■ **WHAT YOU WILL DO**:
Number of lines below with the word "ring": give it and nothing more.
== Segment start ==
Lemma set_width_hull E a ob :
  has_hull E a ob -> set_width E = option_map (fun b => b - a) ob.
Proof.
  intros HE. unfold set_width.
  destruct (excluded_middle_informative (bound E)) as [Hb|Hb]; destruct ob as [b|].
  - assert (Hlub := has_hull_lub _ _ _ HE). assert (Hglb := has_hull_glb _ _ _ HE).
    assert (Hsup : is_lub E (sup_val E)) by (unfold sup_val; apply epsilon_spec; eauto).
    assert (Hinf : is_glb E (inf_val E)) by (unfold inf_val; apply epsilon_spec; eauto).
    rewrite (is_lub_u _ _ _ Hsup Hlub).
    destruct Hinf as [Hi1 Hi2], Hglb as [Hg1 Hg2].
    rewrite (Rle_antisym (inf_val E) a); auto.
  - exfalso. exact (has_hull_unbounded _ _ HE Hb).
  - exfalso. apply Hb. exists b. intros x Hx. apply (proj1 (proj2 HE) x Hx).
  - reflexivity.
Qed.

Lemma INR_max a b : INR (Nat.max a b) = Rmax (INR a) (INR b).
Proof.
  destruct (Nat.le_ge_cases a b) as [H|H].
  - rewrite Nat.max_r by auto. apply le_INR in H. unfold_minmax.
  - rewrite Nat.max_l by auto. apply le_INR in H. unfold_minmax.
Qed.

Lemma INR_min a b : INR (Nat.min a b) = Rmin (INR a) (INR b).
Proof.
  destruct (Nat.le_ge_cases a b) as [H|H].
  - rewrite Nat.min_l by auto. apply le_INR in H. unfold_minmax.
  - rewrite Nat.min_r by auto. apply le_INR in H. unfold_minmax.
Qed.

Lemma INR_omin a b :
  option_map INR (omin a b) = eminR (option_map INR a) (option_map INR b).
Proof. destruct a, b; simpl; auto. rewrite INR_min; auto. Qed.

Lemma guard_sat_bounds gd x : 0 <= x -> guard_sat gd x ->
  INR (g_lower gd) <= x /\ le_ebound (option_map INR (g_upper gd)) x.
Proof.
  intros Hx. induction gd as [|c gd IH]; intros H; [simpl; split; [lra | exact I]|].
  inversion H as [|? ? Hc Hgd]; subst. destruct (IH Hgd) as [Hl Hu]. simpl.
  rewrite INR_max, INR_omin, le_eminR. unfold constr_sat in Hc.
  destruct c as [op n]; destruct op; unfold c_lower, c_upper; simpl in *;
    (split; [unfold_minmax | split; simpl; auto; lra]).
Qed.

Lemma guard_sat_between gd x : INR (g_lower gd) < x ->
  lt_ebound (option_map INR (g_upper gd)) x -> guard_sat gd x.
Proof.
  induction gd as [|c gd IH]; intros Hl Hu; [constructor|].
  simpl in Hl, Hu. rewrite INR_max in Hl. rewrite INR_omin, lt_eminR in Hu.
  destruct Hu as [Hu Hu']. constructor.
  - unfold constr_sat. destruct c as [op n]; destruct op;
      unfold c_lower, c_upper in *; simpl in *; unfold_minmax.
  - apply IH; auto. unfold_minmax.
Qed.

(** * Runs *)

Section Runs.
Context {Q Sig : Type}.
Notation trans := (transition Q Sig).

Lemma run_along_length (g : list trans) v t tms :
  run_along v t g tms -> length tms = length g.
Proof.
  revert v t tms. induction g; intros v t tms; destruct tms; simpl; try tauto.
  intros [_ [_ H]]. f_equal. eapply IHg; eauto.
Qed.

Lemma run_along_shift (g : list trans) v t tms c : run_along v t g tms ->
  run_along v (t + c) g (map (fun s => s + c) tms).
Proof.
  revert v t tms. induction g; intros v t tms; destruct tms; simpl; try tauto.
  intros [H1 [H2 H3]]. replace (r + c - (t + c)) with (r - t) by ring.
  split; [lra | split; auto].
Qed.

Lemma run_along_reset (g : list trans) t1 tms : run_along 0 t1 g tms <->
  exists tms0, run_along 0 0 g tms0 /\ tms = map (fun s => s + t1) tms0.
Proof.
  split.
  - intros H. exists (map (fun s => s + - t1) tms). split.
    + pose proof (run_along_shift g 0 t1 tms (- t1) H) as H'.
      rewrite Rplus_opp_r in H'. exact H'.
    + rewrite map_map, <- (map_id tms) at 1. apply map_ext. intros; ring.
  - intros [tms0 [H ->]]. pose proof (run_along_shift g 0 0 tms0 t1 H) as H'.
    rewrite Rplus_0_l in H'. exact H'.
Qed.

Lemma nth_map_shift (l : list R) k c : (k < length l)%nat ->
  nth k (map (fun s => s + c) l) 0 = nth k l 0 + c.
Proof.
  intros Hk. rewrite (nth_indep _ 0 (0 + c)) by (rewrite length_map; auto).
  apply (map_nth (fun s => s + c)).
Qed.

Lemma run_along_start_le (g : list trans) v t tms : run_along v t g tms -> t <= nth 0 tms t.
Proof. destruct g, tms; simpl; try tauto; lra. Qed.

Lemma run_along_restart (g : list trans) tms v t :
  run_along v v g tms -> t <= nth 0 tms t -> run_along t t g tms.
Proof.
  destruct g as [|tr g], tms as [|y tms]; simpl; try tauto.
  rewrite !Rplus_minus. intros [H1 [H2 H3]] H. auto.
Qed.

(* Runs are started with clock value equal to the start time, so that the
   clock coincides with the global time until the first reset. *)
Definition reachable_from (g : list trans) (v : R) : Prop :=
  exists tms, run_along v v g tms.
Definition times_from (g : list trans) (v : R) (k : nat) (x : R) : Prop :=
  exists tms, run_along v v g tms /\ nth k tms 0 = x.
== Segment end ==
■ **THE COMPLETED TASK**:
2